▶ _INFORMATION SUPPLIED_
.....

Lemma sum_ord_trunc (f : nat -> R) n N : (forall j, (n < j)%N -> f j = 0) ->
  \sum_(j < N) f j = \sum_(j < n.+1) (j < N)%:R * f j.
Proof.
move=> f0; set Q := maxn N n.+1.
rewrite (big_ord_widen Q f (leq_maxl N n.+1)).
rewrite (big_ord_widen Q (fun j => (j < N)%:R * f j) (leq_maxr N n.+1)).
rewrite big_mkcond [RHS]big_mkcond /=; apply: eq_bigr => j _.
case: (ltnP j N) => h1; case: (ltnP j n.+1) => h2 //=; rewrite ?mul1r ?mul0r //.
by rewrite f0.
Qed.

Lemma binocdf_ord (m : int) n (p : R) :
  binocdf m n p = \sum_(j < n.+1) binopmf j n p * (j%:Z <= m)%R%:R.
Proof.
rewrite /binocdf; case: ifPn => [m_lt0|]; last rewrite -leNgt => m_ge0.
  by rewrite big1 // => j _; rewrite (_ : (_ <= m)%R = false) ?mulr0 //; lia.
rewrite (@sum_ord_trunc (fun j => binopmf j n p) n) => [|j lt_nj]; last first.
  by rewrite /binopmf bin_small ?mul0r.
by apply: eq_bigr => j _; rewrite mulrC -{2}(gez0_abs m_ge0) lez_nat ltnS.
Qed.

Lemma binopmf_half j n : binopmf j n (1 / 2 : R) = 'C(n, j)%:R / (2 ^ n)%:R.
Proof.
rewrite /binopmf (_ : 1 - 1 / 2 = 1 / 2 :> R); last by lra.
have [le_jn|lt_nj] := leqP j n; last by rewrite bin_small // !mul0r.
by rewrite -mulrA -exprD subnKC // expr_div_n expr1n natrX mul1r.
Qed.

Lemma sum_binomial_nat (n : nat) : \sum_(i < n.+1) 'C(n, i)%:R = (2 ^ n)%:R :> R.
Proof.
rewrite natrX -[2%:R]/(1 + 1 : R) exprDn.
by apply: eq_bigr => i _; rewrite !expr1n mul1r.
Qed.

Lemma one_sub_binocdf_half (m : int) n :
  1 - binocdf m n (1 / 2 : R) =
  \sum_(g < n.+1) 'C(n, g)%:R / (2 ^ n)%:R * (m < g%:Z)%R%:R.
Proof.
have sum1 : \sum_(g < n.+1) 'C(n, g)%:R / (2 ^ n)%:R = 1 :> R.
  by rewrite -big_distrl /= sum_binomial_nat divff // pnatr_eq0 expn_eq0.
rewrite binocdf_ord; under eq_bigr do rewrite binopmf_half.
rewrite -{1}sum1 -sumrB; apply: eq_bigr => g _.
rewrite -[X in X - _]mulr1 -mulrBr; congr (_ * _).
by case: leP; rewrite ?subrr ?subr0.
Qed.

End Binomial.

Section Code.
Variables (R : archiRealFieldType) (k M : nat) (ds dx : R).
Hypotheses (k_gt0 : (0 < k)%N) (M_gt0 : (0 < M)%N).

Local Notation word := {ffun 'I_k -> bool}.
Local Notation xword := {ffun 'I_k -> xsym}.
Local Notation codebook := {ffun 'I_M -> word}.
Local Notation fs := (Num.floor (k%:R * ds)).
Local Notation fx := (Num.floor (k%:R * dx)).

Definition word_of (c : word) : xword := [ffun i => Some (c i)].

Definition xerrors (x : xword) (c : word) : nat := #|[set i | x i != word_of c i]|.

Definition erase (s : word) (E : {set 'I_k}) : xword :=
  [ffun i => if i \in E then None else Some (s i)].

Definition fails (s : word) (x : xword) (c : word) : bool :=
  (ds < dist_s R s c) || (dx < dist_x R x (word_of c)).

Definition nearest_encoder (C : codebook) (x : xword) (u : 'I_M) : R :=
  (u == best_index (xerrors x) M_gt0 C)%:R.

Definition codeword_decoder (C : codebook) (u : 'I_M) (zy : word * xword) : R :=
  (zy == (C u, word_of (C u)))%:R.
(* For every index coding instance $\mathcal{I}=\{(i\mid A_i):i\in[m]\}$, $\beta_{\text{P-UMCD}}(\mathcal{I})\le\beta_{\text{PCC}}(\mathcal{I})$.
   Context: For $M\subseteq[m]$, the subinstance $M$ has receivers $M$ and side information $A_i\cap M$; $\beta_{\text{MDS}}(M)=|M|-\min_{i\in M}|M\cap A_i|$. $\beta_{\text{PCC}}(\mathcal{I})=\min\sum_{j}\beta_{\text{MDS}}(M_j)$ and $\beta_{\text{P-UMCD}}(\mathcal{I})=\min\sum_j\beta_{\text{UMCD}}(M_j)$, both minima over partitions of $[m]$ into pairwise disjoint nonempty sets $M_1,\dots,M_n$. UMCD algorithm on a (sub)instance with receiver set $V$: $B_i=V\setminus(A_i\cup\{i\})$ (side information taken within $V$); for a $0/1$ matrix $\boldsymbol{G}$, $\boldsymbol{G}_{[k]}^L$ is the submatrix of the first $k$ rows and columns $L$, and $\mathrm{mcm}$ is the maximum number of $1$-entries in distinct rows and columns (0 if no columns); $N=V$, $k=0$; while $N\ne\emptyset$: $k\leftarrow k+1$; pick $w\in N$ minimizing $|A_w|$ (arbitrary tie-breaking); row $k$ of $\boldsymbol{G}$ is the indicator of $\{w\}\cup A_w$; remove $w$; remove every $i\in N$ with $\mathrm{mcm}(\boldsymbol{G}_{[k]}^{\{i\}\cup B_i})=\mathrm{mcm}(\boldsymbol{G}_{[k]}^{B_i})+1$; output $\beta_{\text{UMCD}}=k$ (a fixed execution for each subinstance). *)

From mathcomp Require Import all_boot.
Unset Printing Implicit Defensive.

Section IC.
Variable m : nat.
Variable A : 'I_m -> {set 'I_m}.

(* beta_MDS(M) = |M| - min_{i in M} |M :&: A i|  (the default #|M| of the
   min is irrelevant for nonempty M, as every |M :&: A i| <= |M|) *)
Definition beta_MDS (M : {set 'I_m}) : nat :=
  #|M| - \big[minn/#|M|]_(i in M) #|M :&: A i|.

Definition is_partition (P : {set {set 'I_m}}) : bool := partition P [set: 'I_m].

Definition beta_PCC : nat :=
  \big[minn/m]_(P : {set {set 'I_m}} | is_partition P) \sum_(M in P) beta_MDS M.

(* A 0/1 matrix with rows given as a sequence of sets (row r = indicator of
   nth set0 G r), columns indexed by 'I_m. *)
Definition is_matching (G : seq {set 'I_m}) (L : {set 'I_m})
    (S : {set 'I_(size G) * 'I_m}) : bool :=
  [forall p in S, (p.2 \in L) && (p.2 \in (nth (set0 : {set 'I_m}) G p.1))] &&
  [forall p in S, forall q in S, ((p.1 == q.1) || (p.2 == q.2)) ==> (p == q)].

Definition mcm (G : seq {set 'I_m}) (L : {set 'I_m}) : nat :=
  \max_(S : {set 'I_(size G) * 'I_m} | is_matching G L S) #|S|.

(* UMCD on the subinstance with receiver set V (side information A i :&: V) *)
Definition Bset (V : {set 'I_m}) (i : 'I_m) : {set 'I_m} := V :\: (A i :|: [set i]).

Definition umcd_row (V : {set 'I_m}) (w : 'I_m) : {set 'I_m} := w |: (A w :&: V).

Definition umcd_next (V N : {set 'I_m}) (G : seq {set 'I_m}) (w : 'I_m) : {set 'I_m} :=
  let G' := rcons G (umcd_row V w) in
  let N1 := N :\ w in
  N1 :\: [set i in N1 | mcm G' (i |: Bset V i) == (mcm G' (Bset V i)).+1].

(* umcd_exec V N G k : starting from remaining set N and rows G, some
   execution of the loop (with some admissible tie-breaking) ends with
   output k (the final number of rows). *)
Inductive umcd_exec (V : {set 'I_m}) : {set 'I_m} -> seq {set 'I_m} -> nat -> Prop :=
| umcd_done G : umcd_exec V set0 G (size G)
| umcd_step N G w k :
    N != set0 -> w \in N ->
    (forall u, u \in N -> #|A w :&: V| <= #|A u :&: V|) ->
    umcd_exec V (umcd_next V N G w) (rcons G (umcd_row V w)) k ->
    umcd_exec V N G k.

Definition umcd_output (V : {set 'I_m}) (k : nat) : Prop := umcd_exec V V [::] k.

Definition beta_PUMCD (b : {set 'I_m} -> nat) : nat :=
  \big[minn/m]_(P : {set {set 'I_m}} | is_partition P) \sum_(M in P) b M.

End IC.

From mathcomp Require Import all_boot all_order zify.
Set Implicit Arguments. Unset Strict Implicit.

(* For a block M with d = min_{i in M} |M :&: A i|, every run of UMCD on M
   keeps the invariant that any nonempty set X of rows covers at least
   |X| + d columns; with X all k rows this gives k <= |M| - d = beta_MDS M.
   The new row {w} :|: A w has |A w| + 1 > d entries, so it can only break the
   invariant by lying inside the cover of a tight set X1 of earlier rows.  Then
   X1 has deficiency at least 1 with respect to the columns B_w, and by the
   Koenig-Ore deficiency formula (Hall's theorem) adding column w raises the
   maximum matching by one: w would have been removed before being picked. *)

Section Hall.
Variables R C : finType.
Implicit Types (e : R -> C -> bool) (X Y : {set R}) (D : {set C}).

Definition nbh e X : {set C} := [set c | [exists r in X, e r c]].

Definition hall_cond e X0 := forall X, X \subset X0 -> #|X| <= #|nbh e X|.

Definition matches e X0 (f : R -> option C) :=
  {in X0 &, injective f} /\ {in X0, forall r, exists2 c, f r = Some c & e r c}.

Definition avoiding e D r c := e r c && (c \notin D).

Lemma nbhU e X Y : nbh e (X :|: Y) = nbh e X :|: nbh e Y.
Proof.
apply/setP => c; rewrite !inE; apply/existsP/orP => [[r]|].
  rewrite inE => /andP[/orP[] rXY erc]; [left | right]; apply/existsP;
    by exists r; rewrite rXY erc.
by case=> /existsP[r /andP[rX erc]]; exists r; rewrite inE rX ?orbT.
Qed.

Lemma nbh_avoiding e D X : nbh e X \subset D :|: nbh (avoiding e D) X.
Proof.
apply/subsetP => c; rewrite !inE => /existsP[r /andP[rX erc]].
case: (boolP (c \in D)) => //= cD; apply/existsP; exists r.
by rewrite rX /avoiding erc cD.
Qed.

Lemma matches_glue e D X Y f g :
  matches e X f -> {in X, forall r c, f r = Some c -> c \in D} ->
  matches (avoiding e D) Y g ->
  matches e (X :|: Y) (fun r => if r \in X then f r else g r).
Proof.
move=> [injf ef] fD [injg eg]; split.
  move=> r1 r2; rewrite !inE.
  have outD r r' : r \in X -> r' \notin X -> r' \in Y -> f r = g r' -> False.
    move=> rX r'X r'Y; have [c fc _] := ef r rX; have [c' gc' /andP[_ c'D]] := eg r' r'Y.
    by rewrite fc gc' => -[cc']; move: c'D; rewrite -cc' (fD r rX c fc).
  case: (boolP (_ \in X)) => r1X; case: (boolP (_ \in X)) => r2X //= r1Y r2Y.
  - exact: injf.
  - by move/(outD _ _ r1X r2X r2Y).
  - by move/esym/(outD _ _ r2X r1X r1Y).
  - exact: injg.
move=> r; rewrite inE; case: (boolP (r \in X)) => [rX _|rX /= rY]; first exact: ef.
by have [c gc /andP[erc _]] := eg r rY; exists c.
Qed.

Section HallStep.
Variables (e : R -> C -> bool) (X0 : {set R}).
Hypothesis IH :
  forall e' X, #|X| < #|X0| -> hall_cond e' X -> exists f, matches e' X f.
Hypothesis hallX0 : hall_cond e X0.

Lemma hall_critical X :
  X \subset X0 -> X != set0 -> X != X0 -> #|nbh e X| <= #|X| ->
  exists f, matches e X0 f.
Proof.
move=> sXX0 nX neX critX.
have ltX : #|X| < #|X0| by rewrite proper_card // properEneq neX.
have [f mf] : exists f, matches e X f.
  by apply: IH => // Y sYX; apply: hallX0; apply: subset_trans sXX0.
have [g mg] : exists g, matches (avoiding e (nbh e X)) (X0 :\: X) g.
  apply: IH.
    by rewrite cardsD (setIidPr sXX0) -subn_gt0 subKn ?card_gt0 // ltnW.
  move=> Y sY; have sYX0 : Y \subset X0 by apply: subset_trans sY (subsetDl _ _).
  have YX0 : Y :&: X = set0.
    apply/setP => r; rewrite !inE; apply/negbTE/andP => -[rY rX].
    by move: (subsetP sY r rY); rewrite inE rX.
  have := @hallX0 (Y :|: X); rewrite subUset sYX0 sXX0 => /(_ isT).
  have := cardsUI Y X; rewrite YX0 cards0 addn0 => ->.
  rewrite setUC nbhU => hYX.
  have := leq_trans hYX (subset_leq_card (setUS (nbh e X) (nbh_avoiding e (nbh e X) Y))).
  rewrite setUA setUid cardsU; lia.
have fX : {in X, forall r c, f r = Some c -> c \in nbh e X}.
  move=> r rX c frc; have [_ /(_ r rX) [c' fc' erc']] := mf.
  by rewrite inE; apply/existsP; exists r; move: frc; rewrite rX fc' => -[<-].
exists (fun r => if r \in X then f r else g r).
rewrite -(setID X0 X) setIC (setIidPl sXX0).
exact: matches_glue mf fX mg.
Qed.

.....

▶ _ABOUT THIS TASK_
Using the entries above, return exactly the lines from the line with "Section HallStep." to the line with "have := @hallX0", counting both of those lines.

▶ _TASK OUTPUT_
Section HallStep.
Variables (e : R -> C -> bool) (X0 : {set R}).
Hypothesis IH :
  forall e' X, #|X| < #|X0| -> hall_cond e' X -> exists f, matches e' X f.
Hypothesis hallX0 : hall_cond e X0.

Lemma hall_critical X :
  X \subset X0 -> X != set0 -> X != X0 -> #|nbh e X| <= #|X| ->
  exists f, matches e X0 f.
Proof.
move=> sXX0 nX neX critX.
have ltX : #|X| < #|X0| by rewrite proper_card // properEneq neX.
have [f mf] : exists f, matches e X f.
  by apply: IH => // Y sYX; apply: hallX0; apply: subset_trans sXX0.
have [g mg] : exists g, matches (avoiding e (nbh e X)) (X0 :\: X) g.
  apply: IH.
    by rewrite cardsD (setIidPr sXX0) -subn_gt0 subKn ?card_gt0 // ltnW.
  move=> Y sY; have sYX0 : Y \subset X0 by apply: subset_trans sY (subsetDl _ _).
  have YX0 : Y :&: X = set0.
    apply/setP => r; rewrite !inE; apply/negbTE/andP => -[rY rX].
    by move: (subsetP sY r rY); rewrite inE rX.
  have := @hallX0 (Y :|: X); rewrite subUset sYX0 sXX0 => /(_ isT).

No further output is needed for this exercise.